Vertriebe bauen Angebote auf Steuerersparnis und Finanzierbarkeit auf, nicht auf der Qualität des Objekts. Eine Immobilie, die sich nur rechnet, weil du im Spitzensteuersatz liegst, ist keine gute Immobilie. Sie ist ein Steuermodell mit Wohnung dran.
Eine Immobilie lohnt sich als Kapitalanlage, wenn drei Dinge zusammenkommen: Der Kaufpreis steht in einem vernünftigen Verhältnis zur erzielbaren Miete, die Lage trägt langfristig Nachfrage, und du hältst die Finanzierung auch dann durch, wenn zwei Jahre lang etwas schiefgeht. Steuern sind der Bonus, nie die Begründung. Wie Immobilien in den Vermögensaufbau von Ärzten passen, zeigt die Themenseite Immobilien.
Der Hebel ist der Grund, warum Immobilien anders funktionieren als ein Depot: Du steckst einen Teil Eigenkapital hinein, die Bank den Rest, Wertentwicklung und Mietertrag beziehen sich aber auf den gesamten Kaufpreis.
Beispielhaft: Angenommen, du kaufst ein Objekt für 400.000 Euro mit 80.000 Euro Eigenkapital und 320.000 Euro Darlehen. Steigt der Wert um 3 Prozent, sind das 12.000 Euro, bezogen auf dein Eigenkapital also 15 Prozent, vor Zinsen und Kosten. Fällt er um 3 Prozent, verlierst du ebenso 15 Prozent. Der Hebel vergrößert beides.
Damit der Hebel für dich arbeitet, muss die Gesamtrendite des Objekts (Mietrendite plus Wertentwicklung, abzüglich Kosten) über dem Darlehenszins liegen, sonst zahlst du mit jedem Jahr Fremdkapital drauf. In der Niedrigzinsphase war das leicht, heute nicht. Zwei Kennzahlen dazu: der Beleihungsauslauf (Darlehen im Verhältnis zum Beleihungswert der Bank; je höher, desto teurer der Zins) und die Annuität (Zins plus Tilgung pro Jahr), die läuft, ob vermietet oder nicht.
Mieteinnahmen werden nach Abzug der Werbungskosten mit deinem persönlichen Steuersatz besteuert.

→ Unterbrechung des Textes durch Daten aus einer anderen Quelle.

(* Let $G=(g_1,\dots,g_k)\in\mathbb{N}_0^k$ be telescopic with $g_1>0$, $c(G)=(c_2,\dots,c_k)$ and $\gcd(G)=d$, and suppose $g_n=c_mg_m$ for some $1<n<m\le k$. Then $g_n=z_nC_{n,k}$ where $z_n$ is a non-negative multiple of $d$ with $\gcd(z_n/d,c_n)=1$; moreover $\gcd(z_n/d,c_m)=1$, and $\gcd(c_j,c_m)=1$ for all $j$ with $n<j<m$.
   Context: $\langle\cdot\rangle$ denotes the set of $\mathbb{N}_0$-linear combinations. $G_i=(g_1,\dots,g_i)$, $d_i=\gcd(G_i)$, $c_j=d_{j-1}/d_j$; $G$ is telescopic if $c_jg_j\in\langle G_{j-1}\rangle$ for all $2\le j\le k$. $C_{a,b}=\prod_{j=a+1}^b c_j$, with the empty product equal to $1$. *)

(* A sequence G = (g_1,...,g_k) is represented by
   g : nat -> nat together with its length k; only g 1, ..., g k matter. *)
From mathcomp Require Import all_boot.
Set Implicit Arguments. Unset Strict Implicit. Unset Printing Implicit Defensive.

Definition dd (g : nat -> nat) (i : nat) : nat :=
  \big[gcdn/0]_(1 <= j < i.+1) g j.

Definition cc (g : nat -> nat) (j : nat) : nat := dd g j.-1 %/ dd g j.

Definition CC (g : nat -> nat) (a b : nat) : nat :=
  \prod_(a.+1 <= j < b.+1) cc g j.

Definition in_semigroup (g : nat -> nat) (i x : nat) : Prop :=
  exists a : nat -> nat, x = \sum_(1 <= j < i.+1) a j * g j.

Definition telescopic (g : nat -> nat) (k : nat) : Prop :=
  forall j, 2 <= j <= k -> in_semigroup g j.-1 (cc g j * g j).

From mathcomp Require Import all_boot.

(* Since d_j = gcd(d_(j-1), g_j), the quotient g_j/d_j is coprime to
   c_j = d_(j-1)/d_j.  Write g_n = x d_n; as d_n = C_(n,k) d_k, the witness is
   z = x d_k.  Writing g_m = h d_m, the equation g_n = c_m g_m together with
   d_n = C_(n,m-1) c_m d_m gives x C_(n,m-1) = h, so x and every c_j with
   n < j < m divide h, which is coprime to c_m. *)

Lemma coprime_divn_gcd a b :
  0 < gcdn a b -> coprime (a %/ gcdn a b) (b %/ gcdn a b).
Proof.
move=> gt0; rewrite /coprime -(eqn_pmul2r gt0) mul1n muln_gcdl.
by rewrite !divnK ?dvdn_gcdl ?dvdn_gcdr.
Qed.

Section Telescope.

Variable g : nat -> nat.

Lemma dd_S i : dd g i.+1 = gcdn (dd g i) (g i.+1).
Proof. by rewrite /dd big_nat_recr. Qed.

Lemma dd_1 : dd g 1 = g 1.
Proof. by rewrite dd_S /dd big_geq // gcd0n. Qed.

Lemma dvdn_dd i : 0 < i -> dd g i %| g i.
Proof. by case: i => // i _; rewrite dd_S dvdn_gcdr. Qed.

Lemma mul_cc_dd b : cc g b.+1 * dd g b.+1 = dd g b.
Proof. by rewrite /cc /= divnK // dd_S dvdn_gcdl. Qed.

Lemma CC_recr a b : a <= b -> CC g a b.+1 = CC g a b * cc g b.+1.
Proof. by move=> le_ab; rewrite /CC big_nat_recr. Qed.

Lemma mul_CC_dd a b : a <= b -> CC g a b * dd g b = dd g a.
Proof.
elim: b => [|b IH]; first by rewrite leqn0 => /eqP ->; rewrite /CC big_geq // mul1n.
rewrite leq_eqVlt => /orP [/eqP ->|lt_ab]; first by rewrite /CC big_geq // mul1n.
by rewrite CC_recr // -mulnA mul_cc_dd IH.
Qed.

Lemma dvdn_cc_CC a b j : a < j <= b -> cc g j %| CC g a b.
Proof.
move=> /andP [lt_aj le_jb]; rewrite /CC (bigD1_seq j) ?dvdn_mulr ?iota_uniq //.
by rewrite mem_index_iota lt_aj ltnS.
Qed.

Lemma dd_gt0 b : 0 < g 1 -> 0 < b -> 0 < dd g b.
Proof.
move=> g1_gt0 b_gt0; apply: (dvdn_gt0 g1_gt0).
by rewrite -dd_1 -(@mul_CC_dd 1 b b_gt0) dvdn_mull.
Qed.

Lemma coprime_cc_divn_dd j :
  0 < j -> 0 < dd g j -> coprime (cc g j) (g j %/ dd g j).
Proof.
by case: j => // j _; rewrite /cc /= dd_S; apply: coprime_divn_gcd.
Qed.

End Telescope.

Theorem mainTheorem20 (g : nat -> nat) (k n m : nat) :
  telescopic g k -> 0 < g 1 ->
  1 < n -> n < m -> m <= k ->
  g n = cc g m * g m ->
  exists z : nat,
    [/\ g n = z * CC g n k,
        dd g k %| z,
        coprime (z %/ dd g k) (cc g n),
        coprime (z %/ dd g k) (cc g m)
      & forall j, n < j < m -> coprime (cc g j) (cc g m)].
Proof.
move=> _ g1_gt0 n_gt1 lt_nm le_mk gnE.
have dd_pos b : 0 < b -> 0 < dd g b by apply: dd_gt0.
have n_gt0 : 0 < n by apply: ltnW.
have k_gt0 : 0 < k by apply: leq_trans le_mk; apply: ltn_trans lt_nm.
set x := g n %/ dd g n.
have gn_x : g n = x * dd g n by rewrite divnK ?dvdn_dd.
case: m lt_nm le_mk gnE => // M lt_nM le_Mk gnE.
have le_nM : n <= M by [].
set h := g M.+1 %/ dd g M.+1.
have cop_h : coprime (cc g M.+1) h by apply: coprime_cc_divn_dd; rewrite ?dd_pos.
have gm_h : g M.+1 = h * dd g M.+1 by rewrite divnK ?dvdn_dd.
have x_CC : x * CC g n M = h.
  apply/eqP; rewrite -(eqn_pmul2r (dd_pos M (leq_trans n_gt0 le_nM))).
  by rewrite -mulnA mul_CC_dd // -gn_x gnE gm_h -(mul_cc_dd _ M) mulnCA.
have cop_x : coprime x (cc g M.+1).
  by rewrite coprime_sym (coprime_dvdr _ cop_h) // -x_CC dvdn_mulr.
exists (x * dd g k); rewrite mulnK ?dd_pos //; split=> //.
- by rewrite -mulnA (mulnC (dd g k)) mul_CC_dd // (leq_trans le_nM) 1?ltnW.
- exact: dvdn_mull.
- by rewrite coprime_sym coprime_cc_divn_dd ?dd_pos.
- move=> j /andP [lt_nj lt_jM].
  rewrite coprime_sym (coprime_dvdr _ cop_h) // -x_CC dvdn_mull // dvdn_cc_CC //.
  by rewrite lt_nj -ltnS.
Qed.
(* Let $k\ge 3$, let $\mathbf{v}^i,\mathbf{w}^i\in\mathbb{C}^{n_i}$ ($i=1,\dots,k$) with $\mathbf{v}^i,\mathbf{w}^i$ linearly independent for every $i$, $V_i=\langle\mathbf{v}^i,\mathbf{w}^i\rangle$, and $T=\sum_{i=1}^k \mathbf{v}^1\otimes\cdots\otimes\mathbf{w}^i\otimes\cdots\otimes\mathbf{v}^k$ (with $\mathbf{w}^i$ in the $i$-th slot). Let $P=\mathbf{p}^1\otimes\cdots\otimes\mathbf{p}^k$ with $\mathbf{p}^i\in V_i$ nonzero and $\mathbf{p}^i$ not a scalar multiple of $\mathbf{v}^i$ for every $i=1,\dots,k$. Then there is $\lambda\in\mathbb{C}$ with $\mathrm{rk}(T-\lambda P)=\mathrm{rk}(T)-1$, i.e. $P$ belongs to the decomposition locus of $T$.
   Context: The rank of a tensor is the minimal number of rank-one tensors $\mathbf{u}^1\otimes\cdots\otimes\mathbf{u}^k$ summing to it. A rank-one tensor $P$ is in the decomposition locus of $T$ if $\mathrm{rk}(T-\lambda P)=\mathrm{rk}(T)-1$ for some $\lambda\in\mathbb{C}$. *)

From HB Require Import structures.
From mathcomp Require Import all_boot all_algebra.
From mathcomp Require Import complex.
From mathcomp Require Import reals Rstruct.
Set Implicit Arguments. Unset Strict Implicit. Unset Printing Implicit Defensive.
Import GRing.Theory Num.Theory.
Local Open Scope ring_scope.

Definition C : numClosedFieldType := (Rdefinitions.R)[i].

Definition multi_index (k : nat) (n : 'I_k -> nat) := forall i : 'I_k, 'I_(n i).
Definition tensor (k : nat) (n : 'I_k -> nat) := multi_index n -> C.

Definition outer (k : nat) (n : 'I_k -> nat) (u : forall i : 'I_k, 'rV[C]_(n i))
  : tensor n := fun x => \prod_(i < k) u i 0 (x i).

Definition tensor_sub (k : nat) (n : 'I_k -> nat) (T P : tensor n) : tensor n :=
  fun x => T x - P x.
Definition tensor_scale (k : nat) (n : 'I_k -> nat) (c : C) (P : tensor n) : tensor n :=
  fun x => c * P x.

Definition sum_of_rank_one (k : nat) (n : 'I_k -> nat) (T : tensor n) (r : nat) :=
  exists u : 'I_r -> forall i : 'I_k, 'rV[C]_(n i),
    T = (fun x => \sum_(j < r) outer (u j) x).

Definition tensor_rank_is (k : nat) (n : 'I_k -> nat) (T : tensor n) (r : nat) :=
  sum_of_rank_one T r /\ forall r', sum_of_rank_one T r' -> (r <= r')%N.

Definition in_decomposition_locus (k : nat) (n : 'I_k -> nat) (T P : tensor n) :=
  exists (lambda : C) (r : nat),
    tensor_rank_is T r /\ tensor_rank_is (tensor_sub T (tensor_scale lambda P)) (r - 1).

Definition W_tensor (k : nat) (n : 'I_k -> nat) (v w : forall i : 'I_k, 'rV[C]_(n i))
  : tensor n :=
  fun x => \sum_(i < k) outer (fun j => if j == i then w j else v j) x.

(* Write p^i = a_i v^i + b_i w^i; then b_i <> 0, and q^i := p^i / b_i = w^i + (a_i / b_i) v^i.
   At each multi-index, F(t) = (q^1 + t v^1) (x) ... (x) (q^k + t v^k) is a polynomial of
   degree k in t with F_0 = P / prod_i b_i, F_k = v^1 (x) ... (x) v^k and
   F_(k-1) = sum_i v^1 (x) ... (x) q^i (x) ... (x) v^k, so T = F_(k-1) - s F_k with
   s = sum_i a_i / b_i.  Choose k - 1 distinct nonzero nodes z_l with sum - s; solving a
   Vandermonde system gives weights d_l with sum_l d_l F(z_l) = F_0 sum_l d_l + F_(k-1) - s F_k
   (the moment of order k is the sum of the nodes, by Vieta).  Hence T - lambda P is a sum of
   k - 1 rank-one tensors d_l F(z_l), for lambda = - sum_l d_l / prod_i b_i.

   Conversely rk T >= k by substitution.  Let T_S = c v^1 (x) ... (x) v^k + sum_(i in S) T_i,
   T_i having w^i in slot i.  Contracting slot i in S with a functional killing v^i and
   sending w^i to 1 shows that some summand of a decomposition of T_S is not proportional to
   v^i in slot i; contracting instead with a functional that is 1 on v^i and kills that slot,
   and tensoring back with v^i, turns the decomposition into one of T_(S \ i) (with another
   c) with one term fewer.  Finally rk (T - lambda P) >= k - 1 because adding lambda P gives T. *)

From mathcomp Require Import all_boot all_algebra ring complex reals Rstruct.
From Stdlib Require Import FunctionalExtensionality.
Set Implicit Arguments. Unset Strict Implicit. Unset Printing Implicit Defensive.
Import GRing.Theory Num.Theory.
Local Open Scope ring_scope.

Section Pairing.
Variable R : fieldType.

Definition pairing m (f : 'I_m -> R) (a : 'rV[R]_m) : R := \sum_(y < m) f y * a 0 y.
(* Let $A\in\mathbb{R}^{m\times n}$ have full row rank, $c\in\mathbb{R}^m$, and fix a block size $\tau$ with $m+1\le\tau\le n$; let $\mathcal{B}$ be the set of all subsets $b\subseteq\{1,\dots,n\}$ with $|b|=\tau$. Consider $\min\{F(x):=f(x)+h(x): Ax=c\}$, where $f:\mathbb{R}^n\to\mathbb{R}$ is differentiable and $h(x)=\sum_i h_i(x_i)$ with each $h_i:\mathbb{R}\to\mathbb{R}\cup\{+\infty\}$ proper and convex. Assume there is $L_2>0$ such that for every $x$ with $Ax=c$, every $b\in\mathcal{B}$ and every $d$ with $\mathrm{supp}(d)\subseteq b$ and $Ad=0$, $\|\nabla_b f(x+d)-\nabla_bf(x)\|_2\le L_2\|d\|_2$. Let $F^*=\inf\{F(x):Ax=c\}$ and assume there is $\mu_2>0$ such that for all $x$ with $Ax=c$, $h(x)<\infty$, \[ -L_2\min_{d:\ Ad=0}\Big\{\nabla f(x)^\top d+\tfrac{L_2}{2}\|d\|_2^2+h(x+d)-h(x)\Big\}\ge\mu_2\,(F(x)-F^* ). \] Let $x^0$ satisfy $Ax^0=c$, $h(x^0)<\infty$, and set $x^{k+1}=x^k+d^k$ where $(b^k,d^k)$ minimizes $\nabla f(x^k)^\top d+\frac{L_2}{2}\|d\|_2^2+h(x^k+d)-h(x^k)$ over all $b\in\mathcal{B}$ and all $d$ with $\mathrm{supp}(d)\subseteq b$ and $Ad=0$ (the GS-q rule). Then for all $k\ge0$, \[ F(x^k)-F^*\le\Big(1-\frac{\mu_2}{L_2(n-\tau+1)}\Big)^k\big(F(x^0)-F^*\big). \]
   Context: $\mathrm{supp}(d)=\{i:d_i\ne0\}$; $\nabla_b f$ denotes the vector of partial derivatives of $f$ with indices in $b$. The displayed assumption on $\mu_2$ is the proximal-PL condition in the 2-norm, $\frac12\mathcal{D}(x,L_2)\ge\mu_2(F(x)-F^* )$ with $\mathcal{D}(x,L)=-2L\min_{d:Ad=0}\{\nabla f(x)^\top d+\frac L2\|d\|_2^2+h(x+d)-h(x)\}$. *)

From HB Require Import structures.
From mathcomp Require Import all_boot all_order all_algebra.
From mathcomp Require Import all_classical all_reals all_analysis.
Set Implicit Arguments. Unset Strict Implicit. Unset Printing Implicit Defensive.
Import Order.TTheory GRing.Theory Num.Theory.
Import numFieldNormedType.Exports.
Local Open Scope classical_set_scope.
Local Open Scope ring_scope.

Section Defs.
Variable R : realType.

Definition norm2 (n : nat) (v : 'cV[R]_n) : R := Num.sqrt (\sum_i v i 0 ^+ 2).

Definition norm2_on (n : nat) (b : {set 'I_n}) (v : 'cV[R]_n) : R :=
  Num.sqrt (\sum_(i in b) v i 0 ^+ 2).
Theorem corollary2p4 (R : realType) (n m r : nat) (A dA : 'M[R]_(n, m))
    (U Ut : 'M[R]_n) (S St : 'M[R]_(n, m)) (V Vt : 'M[R]_m) :
  (1 <= r)%N -> (r < minn n m)%N -> (r <= \rank A)%N ->
  is_svd A U S V -> is_svd (A + dA) Ut St Vt ->
  0 < sv S r.-1 - sv St r -> 0 < sv St r.-1 - sv S r ->
  let U1 := subblock 0 0 n r U in let U2 := subblock 0 r n (n - r) U in
  let V1 := subblock 0 0 m r V in let V2 := subblock 0 r m (m - r) V in
  let Ut1 := subblock 0 0 n r Ut in let Ut2 := subblock 0 r n (n - r) Ut in
  let Vt1 := subblock 0 0 m r Vt in let Vt2 := subblock 0 r m (m - r) Vt in
  let S1 := subblock 0 0 r r S in let S2 := subblock r r (n - r) (m - r) S in
  let St1 := subblock 0 0 r r St in let St2 := subblock r r (n - r) (m - r) St in
  (forall (P : 'M[R]_r) (Z : 'M[R]_r) (Q : 'M[R]_r), is_svd (U1^T *m Ut1) P Z Q ->
     spec_norm (sinTheta_of Z)
       = spec_norm (hadamard (F12 n r (sv S) (sv St))
           (U1^T *m dA *m Vt2 *m St2^T + S1 *m V1^T *m dA^T *m Ut2))
     /\ spec_norm (sinTheta_of Z)
       = spec_norm (hadamard (F21 n r (sv S) (sv St))
           (U2^T *m dA *m Vt1 *m St1^T + S2 *m V2^T *m dA^T *m Ut1)))
  /\
  (forall (P : 'M[R]_r) (Z : 'M[R]_r) (Q : 'M[R]_r), is_svd (V1^T *m Vt1) P Z Q ->
     spec_norm (sinTheta_of Z)
       = spec_norm (hadamard (F12 m r (sv S) (sv St))
           (S1^T *m U1^T *m dA *m Vt2 + V1^T *m dA^T *m Ut2 *m St2))
     /\ spec_norm (sinTheta_of Z)
       = spec_norm (hadamard (F21 m r (sv S) (sv St))
           (S2^T *m U2^T *m dA *m Vt1 + V2^T *m dA^T *m Ut1 *m St1))).
Proof.
move=> _ rmin _ svdA svdAt gapS gapSt U1 U2 V1 V2 Ut1 Ut2 Vt1 Vt2 S1 S2 St1 St2.
have /andP[/ltnW hrn /ltnW hrm] : (r < n)%N && (r < m)%N by rewrite -leq_min.
split=> P Z Q svdG; first exact: (sinTheta_left hrn hrm svdA svdAt gapS gapSt svdG).
have svdAt' := svd_trmx svdAt; rewrite raddfD /= in svdAt'.
rewrite -(sv_trmx S) -(sv_trmx St) in gapS gapSt.
have := sinTheta_left hrm hrn (svd_trmx svdA) svdAt' gapS gapSt svdG.
rewrite !sv_trmx !subblock_trmx !trmxK => -[e12 e21].
by split; rewrite addrC.
Qed.
Lemma TA_ge_of_passes q s S x h : quota_sorted q -> sumn q = size (s :: S) ->
  (0 < x <= h)%N -> (h <= size q)%N -> passes s q (s :: S) x h -> (x <= TA q (s :: S))%N.
Proof.
move=> sq sum_q + le_h; have [_ _ _ ge_zero] := TA_valid sq sum_q.
have ok_le y : (0 < y <= h)%N -> mget q y != mget q y.-1 -> passes s q (s :: S) y h ->
    (y <= TA q (s :: S))%N.
  move=> Hy ne_y pass; have Hy' : (0 < y <= size q)%N by lia.
  have ok_y : TA_ok q (s :: S) y.
    by rewrite /TA_ok ne_y; apply/hasP; exists h => //; rewrite mem_iota; lia.
  by have [] := TA_maximal Hy' ok_y.
move Ed : (h - x)%N => d; elim: d x Ed => [|d IH] x Ed Hx pass;
  (have [eq_x|ne_x] := eqVneq (mget q x) (mget q x.-1); last exact: ok_le).
- have ex : x = h by lia.
  have ZH0 : ZH q x h = 0%N by rewrite -ex /ZH big_nat1 eq_x subnn.
  have ZL0 : ZL q x h = 0%N.
    move: pass; rewrite /passes ZH0 addn0; case: (ZL q x h) => // n.
    rewrite [take _ _]/= /= ltxx add0n => /leq_trans/(_ (count_size _ _)).
    by rewrite size_take_min; lia.
  have zq : zero_below q x by apply: (ZL_eq0_zero_below (h := h)) => //; lia.
  have q_pred : mget q x.-1 = 0%N by case: (posnP x.-1) => [->|?] //; apply: zq; lia.
  apply/ltnW/ge_zero => i /andP[i_gt0]; rewrite ltnS leq_eqVlt => /predU1P[->|lt_ix].
    by rewrite eq_x.
  by apply: zq; lia.
- apply/ltnW/IH; [lia|lia|].
  by rewrite passes_shift //; lia.
Qed.

Lemma passes_after_TA q s S : quota_sorted q -> sumn q = size (s :: S) ->
  exists2 h, (TA q (s :: S) <= h <= size q)%N &
    passes s (qupdate q (TA q (s :: S))) S (TA q (s :: S)) h.
Proof.
move=> sq sum_q; have [ok_y Hy lt_y _] := TA_valid sq sum_q.
have [sq' _] := TA_next sq sum_q.
have [|h Hh pass] := TA_ok_witness _ ok_y; first by case/andP: Hy.
exists h => //; apply: passes_qupdate pass; first by rewrite ltxx addn0 ZL_qupdate_le.
by apply: ZL_ZH_qupdate => //; lia.
Qed.

Lemma passes_qupdate_TA c q s S g h : (c < s)%R -> quota_sorted q ->
  sumn q = size (s :: S) -> all (fun t => t <= s)%R S -> (0 < g <= h)%N -> (h <= size q)%N ->
  passes c q (s :: S) g h -> passes c (qupdate q (TA q (s :: S))) S g h.
Proof.
move=> lt_cs sq sum_q S_le Hg le_h pass.
have [_ Hy lt_y _] := TA_valid sq sum_q; have [sq' _] := TA_next sq sum_q.
have zq := TA_zero_below_of_max sq sum_q S_le.
set y := TA q (s :: S) in Hy lt_y sq' zq *.
have [le_gy|lt_yg] := leqP g y.
  rewrite /passes ZL_eq0 // mget_qupdate.
  by case: (posnP g.-1) => [->|?] //; rewrite zq //; lia.
apply: passes_qupdate pass; first by rewrite lt_cs addn1; apply: ZL_qupdate_lt => //; lia.
by apply: ZL_ZH_qupdate => //; lia.
Qed.

Lemma alg_from_ge_zero_below q S g : quota_sorted q -> sumn q = size S ->
  zero_below q g -> forall p, (p < size S)%N -> (g <= nth 0%N (alg_from q S) p)%N.
Proof.
elim: S q => [|s S IH] q sq sum_q zq [|p] //= lt_p.
  by have [_ _ _] := TA_valid sq sum_q; apply.
have [sq' sum_q'] := TA_next sq sum_q.
exact: IH sq' sum_q' (zero_below_qupdate _ zq) p lt_p.
Qed.

Variables H L : R.
Hypothesis lt_HL : (H < L)%R.

Local Notation two_valued S := (all (fun s => (s == H) || (s == L)) S).
Lemma between_parents_descendant S X : between_parents S (Fin (value (S ++ X))).
Proof.
elim: X S => [|d X IH] S; first by rewrite cats0; exact: between_parents_value.
by rewrite -cat_rcons; apply: between_parents_rcons (IH _).
Qed.

Lemma value_left_descendant S X : value (rcons S Lm ++ X) < value S.
Proof. by have [_] := between_parents_descendant (rcons S Lm) X; rewrite P_R_rcons_Lm. Qed.

Lemma value_right_descendant S X : value S < value (rcons S Rm ++ X).
Proof. by have [] := between_parents_descendant (rcons S Rm) X; rewrite P_L_rcons_Rm. Qed.

Fixpoint inorder_lt (T S : seq dir) : bool :=
  match T, S with
  | [::], Rm :: _ | Lm :: _, [::] | Lm :: _, Rm :: _ => true
  | Lm :: T', Lm :: S' | Rm :: T', Rm :: S' => inorder_lt T' S'
  | _, _ => false
  end.

Lemma inorder_lt_total T S : T <> S -> inorder_lt T S \/ inorder_lt S T.
Proof.
elim: T S => [|t T IH] [|s S] //=.
- by case: s; [right|left].
- by case: t; [left|right].
- have IH' d : d :: T <> d :: S -> inorder_lt T S \/ inorder_lt S T.
    by move=> neq_TS; apply: IH => E; apply: neq_TS; rewrite E.
  by case: t; case: s => neq_TS; [exact: IH' neq_TS|left|right|exact: IH' neq_TS].
Qed.
Lemma corr_T_convex_kron d1 d2 (l1 : 'I_(d1 ^ 2 - 1) -> 'M[C]_d1)
    (l2 : 'I_(d2 ^ 2 - 1) -> 'M[C]_d2) N (p : 'I_N -> C)
    (A : 'I_N -> 'M[C]_d1) (B : 'I_N -> 'M[C]_d2) :
  corr_T l1 l2 (\sum_k p k *: kron (A k) (B k)) =
  \sum_k p k *: ((bloch_vector l1 (A k))^T *m bloch_vector l2 (B k)).
Proof.
apply/matrixP => i j; rewrite mxE summxE mxtrace_convex_kron_mul mulr_sumr.
by apply: eq_bigr => k _; rewrite mxE outer_mxE !mxE; field.
Qed.

Lemma corr_Ttilde_convex_kron d1 d2 (l1 : 'I_(d1 ^ 2 - 1) -> 'M[C]_d1)
    (l2 : 'I_(d2 ^ 2 - 1) -> 'M[C]_d2) N (p : 'I_N -> C)
    (A : 'I_N -> 'M[C]_d1) (B : 'I_N -> 'M[C]_d2) :
  (0 < d1)%N -> (0 < d2)%N -> \sum_k p k = 1 ->
  (forall k, \tr (A k) = 1) -> (forall k, \tr (B k) = 1) ->
  corr_Ttilde l1 l2 (\sum_k p k *: kron (A k) (B k)) =
  \sum_k p k *: ((ext_bloch_vector l1 (A k))^T *m ext_bloch_vector l2 (B k)).
Proof.
move=> d1_gt0 d2_gt0 p1 trA trB.
have d1_neq0 : d1%:R != 0 :> C by rewrite pnatr_eq0 -lt0n.
have d2_neq0 : d2%:R != 0 :> C by rewrite pnatr_eq0 -lt0n.
apply/matrixP => i j; rewrite summxE -[i]splitK -[j]splitK.
case: (split i) => i'; case: (split j) => j' /=.
- rewrite block_mxEul !mxE !ord1 eqxx mulr1n.
  under eq_bigr do rewrite mxE outer_mxE !row_mxEl !mxE.
  by rewrite -mulr_suml p1 mul1r invfM.
- rewrite block_mxEur !mxE mxtrace_convex_kron_mul mulr_sumr.
  apply: eq_bigr => k _; rewrite mxE outer_mxE row_mxEl row_mxEr !mxE.
  by rewrite mulmx1 trA; field.
- rewrite block_mxEdl !mxE mxtrace_convex_kron_mul mulr_sumr.
  apply: eq_bigr => k _; rewrite mxE outer_mxE row_mxEr row_mxEl !mxE.
  by rewrite mulmx1 trB; field.
- rewrite block_mxEdr corr_T_convex_kron summxE.
  by apply: eq_bigr => k _; rewrite [LHS]mxE [RHS]mxE !outer_mxE !row_mxEr.
Qed.

End Bloch.

Lemma natr_sqr_sub (R : comNzRingType) d : (0 < d)%N ->
  d%:R ^+ 2 - d%:R = (d * d.-1)%:R :> R.
Proof. by case: d => // d _; rewrite natrM /= -addn1 natrD; ring. Qed.

Section SeparableBounds.
Variables (C : numClosedFieldType) (d1 d2 : nat).
Variables (l1 : 'I_(d1 ^ 2 - 1) -> 'M[C]_d1) (l2 : 'I_(d2 ^ 2 - 1) -> 'M[C]_d2).
Hypotheses (d1_gt0 : (0 < d1)%N) (d2_gt0 : (0 < d2)%N).
Hypotheses (l1P : su_generators l1) (l2P : su_generators l2).

Let d1_neq0 : d1%:R != 0 :> C. Proof. by rewrite pnatr_eq0 -lt0n. Qed.
Let d2_neq0 : d2%:R != 0 :> C. Proof. by rewrite pnatr_eq0 -lt0n. Qed.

Das Gebäude (nicht das Grundstück) verliert steuerlich jedes Jahr an Wert, und diesen Wertverlust setzt du als Kosten an, obwohl kein Geld fließt. Für Wohngebäude im Bestand liegt der lineare Satz seit Langem bei 2 Prozent des Gebäudewerts pro Jahr, für Neubauten gelten je nach Fertigstellung oder Baubeginn höhere Sätze und befristete Sonderregeln (Stand 2026; diese Regeln ändern sich immer wieder, den Satz für dein Objekt prüfst du mit dem Steuerberater). Je höher der Gebäudeanteil am Kaufpreis, desto höher die AfA. Die Aufteilung muss aber realistisch sein, das Finanzamt prüft sie mit einer eigenen Arbeitshilfe; liegt der tatsächliche Gebäudeanteil höher, kann sich ein Gutachten lohnen.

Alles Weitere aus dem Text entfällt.